Saved data entries
-*-

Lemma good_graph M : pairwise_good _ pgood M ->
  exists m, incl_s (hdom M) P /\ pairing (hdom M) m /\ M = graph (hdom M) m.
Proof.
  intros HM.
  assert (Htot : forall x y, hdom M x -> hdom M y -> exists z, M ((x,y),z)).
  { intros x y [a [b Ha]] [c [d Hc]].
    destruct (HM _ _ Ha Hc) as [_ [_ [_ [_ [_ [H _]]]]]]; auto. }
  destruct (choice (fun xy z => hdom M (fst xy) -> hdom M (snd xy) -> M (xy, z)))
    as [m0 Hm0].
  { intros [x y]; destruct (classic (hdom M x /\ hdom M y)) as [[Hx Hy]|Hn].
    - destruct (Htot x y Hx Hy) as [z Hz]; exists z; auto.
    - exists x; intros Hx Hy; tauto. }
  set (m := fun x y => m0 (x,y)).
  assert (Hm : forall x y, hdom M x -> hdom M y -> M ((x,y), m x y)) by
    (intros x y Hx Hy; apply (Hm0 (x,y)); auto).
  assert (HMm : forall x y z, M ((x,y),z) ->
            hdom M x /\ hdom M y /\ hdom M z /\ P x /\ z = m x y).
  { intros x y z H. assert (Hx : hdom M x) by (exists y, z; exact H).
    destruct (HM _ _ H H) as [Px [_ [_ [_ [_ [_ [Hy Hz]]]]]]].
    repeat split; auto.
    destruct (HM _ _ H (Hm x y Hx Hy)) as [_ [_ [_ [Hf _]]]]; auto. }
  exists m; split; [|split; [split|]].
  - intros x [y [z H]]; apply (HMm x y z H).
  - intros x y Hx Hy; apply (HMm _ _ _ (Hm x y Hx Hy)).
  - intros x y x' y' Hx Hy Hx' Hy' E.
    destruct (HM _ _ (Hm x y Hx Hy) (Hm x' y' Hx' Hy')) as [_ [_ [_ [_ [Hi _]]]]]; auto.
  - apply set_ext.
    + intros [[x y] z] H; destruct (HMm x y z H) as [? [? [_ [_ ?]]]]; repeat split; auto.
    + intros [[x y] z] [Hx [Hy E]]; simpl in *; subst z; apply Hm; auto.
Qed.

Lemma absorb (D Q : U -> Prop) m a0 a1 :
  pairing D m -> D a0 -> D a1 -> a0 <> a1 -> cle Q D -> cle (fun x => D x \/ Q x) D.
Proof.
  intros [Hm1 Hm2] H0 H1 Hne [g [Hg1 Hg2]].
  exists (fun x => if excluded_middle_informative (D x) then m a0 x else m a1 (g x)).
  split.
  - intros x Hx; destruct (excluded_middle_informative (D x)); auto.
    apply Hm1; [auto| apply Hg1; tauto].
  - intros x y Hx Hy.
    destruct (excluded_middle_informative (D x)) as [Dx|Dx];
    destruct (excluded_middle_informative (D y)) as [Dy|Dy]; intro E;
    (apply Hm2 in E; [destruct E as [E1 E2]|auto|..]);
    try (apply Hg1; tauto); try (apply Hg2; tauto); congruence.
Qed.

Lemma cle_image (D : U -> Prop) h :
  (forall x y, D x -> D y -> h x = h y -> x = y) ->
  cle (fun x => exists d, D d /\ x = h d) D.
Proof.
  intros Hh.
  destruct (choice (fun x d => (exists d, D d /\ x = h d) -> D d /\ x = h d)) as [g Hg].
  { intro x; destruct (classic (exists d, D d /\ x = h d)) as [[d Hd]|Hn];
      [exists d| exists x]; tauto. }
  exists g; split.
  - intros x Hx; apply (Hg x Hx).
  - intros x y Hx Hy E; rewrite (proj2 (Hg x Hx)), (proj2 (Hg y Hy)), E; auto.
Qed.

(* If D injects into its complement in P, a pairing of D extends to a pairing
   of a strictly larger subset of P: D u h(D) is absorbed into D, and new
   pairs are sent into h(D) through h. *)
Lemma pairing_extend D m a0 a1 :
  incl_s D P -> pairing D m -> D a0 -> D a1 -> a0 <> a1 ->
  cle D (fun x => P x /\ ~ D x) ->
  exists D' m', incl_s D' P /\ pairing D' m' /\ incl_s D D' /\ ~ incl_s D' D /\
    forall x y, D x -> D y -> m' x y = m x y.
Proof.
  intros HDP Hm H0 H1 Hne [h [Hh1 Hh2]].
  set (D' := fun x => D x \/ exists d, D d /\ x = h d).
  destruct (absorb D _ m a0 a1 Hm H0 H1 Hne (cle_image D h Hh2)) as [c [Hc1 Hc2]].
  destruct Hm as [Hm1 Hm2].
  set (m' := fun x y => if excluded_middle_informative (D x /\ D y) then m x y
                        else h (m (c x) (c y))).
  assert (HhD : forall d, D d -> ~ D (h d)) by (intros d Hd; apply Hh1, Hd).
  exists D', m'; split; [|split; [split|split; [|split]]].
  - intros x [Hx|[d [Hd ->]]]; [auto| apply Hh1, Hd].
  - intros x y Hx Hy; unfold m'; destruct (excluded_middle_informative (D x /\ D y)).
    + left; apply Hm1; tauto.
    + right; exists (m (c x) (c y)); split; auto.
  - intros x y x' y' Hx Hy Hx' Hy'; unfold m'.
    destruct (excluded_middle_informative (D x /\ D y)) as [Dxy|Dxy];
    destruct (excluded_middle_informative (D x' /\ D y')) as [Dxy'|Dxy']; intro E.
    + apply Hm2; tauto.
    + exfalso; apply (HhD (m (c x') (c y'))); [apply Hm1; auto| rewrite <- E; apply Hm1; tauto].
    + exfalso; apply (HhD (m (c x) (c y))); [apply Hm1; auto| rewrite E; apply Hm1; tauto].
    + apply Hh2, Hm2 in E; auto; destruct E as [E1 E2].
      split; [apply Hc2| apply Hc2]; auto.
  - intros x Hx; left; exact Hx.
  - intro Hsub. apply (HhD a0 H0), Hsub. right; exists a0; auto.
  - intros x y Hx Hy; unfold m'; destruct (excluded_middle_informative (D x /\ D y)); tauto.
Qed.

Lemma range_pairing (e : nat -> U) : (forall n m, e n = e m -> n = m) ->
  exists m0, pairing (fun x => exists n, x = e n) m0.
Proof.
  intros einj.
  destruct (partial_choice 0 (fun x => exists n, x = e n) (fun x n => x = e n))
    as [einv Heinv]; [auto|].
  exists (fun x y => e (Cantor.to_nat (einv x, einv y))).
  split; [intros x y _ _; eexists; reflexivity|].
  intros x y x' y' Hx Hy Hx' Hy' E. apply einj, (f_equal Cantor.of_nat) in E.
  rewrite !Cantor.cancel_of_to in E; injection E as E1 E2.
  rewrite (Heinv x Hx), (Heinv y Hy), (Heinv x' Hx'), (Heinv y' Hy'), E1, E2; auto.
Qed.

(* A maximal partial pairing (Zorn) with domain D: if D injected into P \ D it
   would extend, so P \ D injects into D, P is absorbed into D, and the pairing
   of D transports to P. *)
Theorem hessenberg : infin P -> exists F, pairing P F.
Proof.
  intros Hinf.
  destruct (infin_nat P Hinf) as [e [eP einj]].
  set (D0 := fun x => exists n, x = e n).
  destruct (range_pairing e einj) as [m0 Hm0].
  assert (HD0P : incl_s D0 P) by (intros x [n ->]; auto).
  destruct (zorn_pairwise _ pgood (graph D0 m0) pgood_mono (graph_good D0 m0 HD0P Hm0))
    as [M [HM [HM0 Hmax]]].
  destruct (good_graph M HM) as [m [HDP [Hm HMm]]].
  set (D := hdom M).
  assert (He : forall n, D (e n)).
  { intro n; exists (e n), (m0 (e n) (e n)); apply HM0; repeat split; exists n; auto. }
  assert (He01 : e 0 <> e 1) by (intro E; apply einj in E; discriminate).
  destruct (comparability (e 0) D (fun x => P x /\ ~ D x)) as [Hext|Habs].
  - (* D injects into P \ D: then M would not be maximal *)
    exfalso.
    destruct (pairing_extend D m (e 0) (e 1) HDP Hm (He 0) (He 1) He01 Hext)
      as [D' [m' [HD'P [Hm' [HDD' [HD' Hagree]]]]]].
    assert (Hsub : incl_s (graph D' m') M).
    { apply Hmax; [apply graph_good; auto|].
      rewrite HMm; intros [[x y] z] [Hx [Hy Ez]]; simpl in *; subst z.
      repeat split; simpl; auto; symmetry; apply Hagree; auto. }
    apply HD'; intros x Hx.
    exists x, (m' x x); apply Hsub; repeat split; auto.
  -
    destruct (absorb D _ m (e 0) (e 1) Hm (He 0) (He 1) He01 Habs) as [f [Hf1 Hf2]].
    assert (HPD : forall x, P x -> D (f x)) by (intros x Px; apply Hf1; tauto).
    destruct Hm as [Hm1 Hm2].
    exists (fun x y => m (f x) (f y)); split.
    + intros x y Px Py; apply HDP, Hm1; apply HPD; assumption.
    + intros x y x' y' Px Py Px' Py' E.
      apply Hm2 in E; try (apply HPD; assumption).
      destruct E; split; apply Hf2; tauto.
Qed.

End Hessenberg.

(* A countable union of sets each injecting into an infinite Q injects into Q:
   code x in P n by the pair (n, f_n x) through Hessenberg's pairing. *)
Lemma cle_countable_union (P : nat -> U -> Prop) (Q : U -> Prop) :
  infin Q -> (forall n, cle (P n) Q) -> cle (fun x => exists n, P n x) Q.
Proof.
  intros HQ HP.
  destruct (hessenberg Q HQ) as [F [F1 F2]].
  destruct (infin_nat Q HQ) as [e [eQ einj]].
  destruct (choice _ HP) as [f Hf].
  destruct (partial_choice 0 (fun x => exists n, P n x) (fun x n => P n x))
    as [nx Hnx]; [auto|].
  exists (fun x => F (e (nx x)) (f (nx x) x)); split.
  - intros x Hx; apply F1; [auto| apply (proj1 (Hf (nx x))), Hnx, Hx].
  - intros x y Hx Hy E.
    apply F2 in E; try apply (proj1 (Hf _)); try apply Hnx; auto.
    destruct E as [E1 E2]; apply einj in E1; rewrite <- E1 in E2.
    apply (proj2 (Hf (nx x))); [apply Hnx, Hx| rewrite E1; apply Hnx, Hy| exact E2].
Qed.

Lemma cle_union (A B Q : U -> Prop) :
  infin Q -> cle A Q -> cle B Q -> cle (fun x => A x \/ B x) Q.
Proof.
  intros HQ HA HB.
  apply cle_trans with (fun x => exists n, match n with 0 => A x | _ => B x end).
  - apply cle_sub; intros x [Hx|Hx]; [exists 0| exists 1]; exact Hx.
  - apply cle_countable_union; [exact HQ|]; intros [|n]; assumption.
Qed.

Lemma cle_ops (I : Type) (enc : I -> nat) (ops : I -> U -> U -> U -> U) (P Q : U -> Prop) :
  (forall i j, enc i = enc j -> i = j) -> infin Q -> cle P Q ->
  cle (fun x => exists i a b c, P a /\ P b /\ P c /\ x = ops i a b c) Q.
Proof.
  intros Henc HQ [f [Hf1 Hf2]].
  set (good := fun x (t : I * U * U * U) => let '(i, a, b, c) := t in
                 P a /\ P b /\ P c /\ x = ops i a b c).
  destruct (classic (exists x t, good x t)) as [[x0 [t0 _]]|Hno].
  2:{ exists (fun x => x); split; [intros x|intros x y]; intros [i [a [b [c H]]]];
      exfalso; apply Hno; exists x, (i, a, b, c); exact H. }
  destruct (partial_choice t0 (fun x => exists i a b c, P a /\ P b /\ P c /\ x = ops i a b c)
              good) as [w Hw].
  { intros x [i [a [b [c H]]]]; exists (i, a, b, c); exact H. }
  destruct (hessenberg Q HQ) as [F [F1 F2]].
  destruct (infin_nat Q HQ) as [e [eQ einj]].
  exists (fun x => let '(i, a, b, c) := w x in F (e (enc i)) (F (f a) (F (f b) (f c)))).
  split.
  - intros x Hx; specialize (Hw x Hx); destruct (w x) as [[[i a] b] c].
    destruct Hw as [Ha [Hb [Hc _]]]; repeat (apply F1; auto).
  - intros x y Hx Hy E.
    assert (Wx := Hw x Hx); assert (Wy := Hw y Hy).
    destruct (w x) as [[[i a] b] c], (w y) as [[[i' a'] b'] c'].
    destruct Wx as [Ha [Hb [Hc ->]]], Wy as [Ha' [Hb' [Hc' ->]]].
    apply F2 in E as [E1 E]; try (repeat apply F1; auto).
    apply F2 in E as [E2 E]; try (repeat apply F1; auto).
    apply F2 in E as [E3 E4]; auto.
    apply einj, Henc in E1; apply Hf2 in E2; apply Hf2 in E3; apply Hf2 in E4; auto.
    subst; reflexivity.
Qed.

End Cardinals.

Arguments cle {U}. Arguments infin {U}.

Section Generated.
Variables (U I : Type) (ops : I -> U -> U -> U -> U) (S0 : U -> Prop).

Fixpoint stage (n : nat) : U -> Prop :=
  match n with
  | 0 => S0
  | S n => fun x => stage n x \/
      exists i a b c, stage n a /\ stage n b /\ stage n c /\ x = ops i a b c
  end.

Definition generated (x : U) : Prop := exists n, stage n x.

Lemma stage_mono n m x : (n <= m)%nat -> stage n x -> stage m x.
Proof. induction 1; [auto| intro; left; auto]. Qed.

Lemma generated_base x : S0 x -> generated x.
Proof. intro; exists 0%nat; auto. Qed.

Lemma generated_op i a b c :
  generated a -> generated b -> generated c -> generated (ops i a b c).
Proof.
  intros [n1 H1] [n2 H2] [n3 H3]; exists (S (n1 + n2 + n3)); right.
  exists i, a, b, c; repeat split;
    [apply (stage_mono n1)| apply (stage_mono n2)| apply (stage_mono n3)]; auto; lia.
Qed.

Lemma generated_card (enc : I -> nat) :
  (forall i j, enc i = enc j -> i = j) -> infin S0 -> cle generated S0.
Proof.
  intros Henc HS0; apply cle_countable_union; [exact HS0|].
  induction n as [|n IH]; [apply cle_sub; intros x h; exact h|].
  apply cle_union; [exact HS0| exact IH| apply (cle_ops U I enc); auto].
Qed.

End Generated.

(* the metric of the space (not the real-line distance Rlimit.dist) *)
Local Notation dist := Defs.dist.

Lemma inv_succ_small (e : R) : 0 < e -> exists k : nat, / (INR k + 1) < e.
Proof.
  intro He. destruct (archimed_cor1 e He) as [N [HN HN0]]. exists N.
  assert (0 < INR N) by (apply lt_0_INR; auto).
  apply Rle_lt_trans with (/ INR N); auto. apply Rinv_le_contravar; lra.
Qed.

-*-

▶ **TASK ITEM**:
Reproduce only this range: the first line of the data above through the line with "exists m; split; [|split; [split|]].", both included, exactly as written.

▶ **ANSWER SPACE**:
Lemma good_graph M : pairwise_good _ pgood M ->
  exists m, incl_s (hdom M) P /\ pairing (hdom M) m /\ M = graph (hdom M) m.
Proof.
  intros HM.
  assert (Htot : forall x y, hdom M x -> hdom M y -> exists z, M ((x,y),z)).
  { intros x y [a [b Ha]] [c [d Hc]].
    destruct (HM _ _ Ha Hc) as [_ [_ [_ [_ [_ [H _]]]]]]; auto. }
  destruct (choice (fun xy z => hdom M (fst xy) -> hdom M (snd xy) -> M (xy, z)))
    as [m0 Hm0].
  { intros [x y]; destruct (classic (hdom M x /\ hdom M y)) as [[Hx Hy]|Hn].
    - destruct (Htot x y Hx Hy) as [z Hz]; exists z; auto.
    - exists x; intros Hx Hy; tauto. }
  set (m := fun x y => m0 (x,y)).
  assert (Hm : forall x y, hdom M x -> hdom M y -> M ((x,y), m x y)) by
    (intros x y Hx Hy; apply (Hm0 (x,y)); auto).
  assert (HMm : forall x y z, M ((x,y),z) ->
            hdom M x /\ hdom M y /\ hdom M z /\ P x /\ z = m x y).
  { intros x y z H. assert (Hx : hdom M x) by (exists y, z; exact H).
    destruct (HM _ _ H H) as [Px [_ [_ [_ [_ [_ [Hy Hz]]]]]]].
    repeat split; auto.
    destruct (HM _ _ H (Hm x y Hx Hy)) as [_ [_ [_ [Hf _]]]]; auto. }
  exists m; split; [|split; [split|]].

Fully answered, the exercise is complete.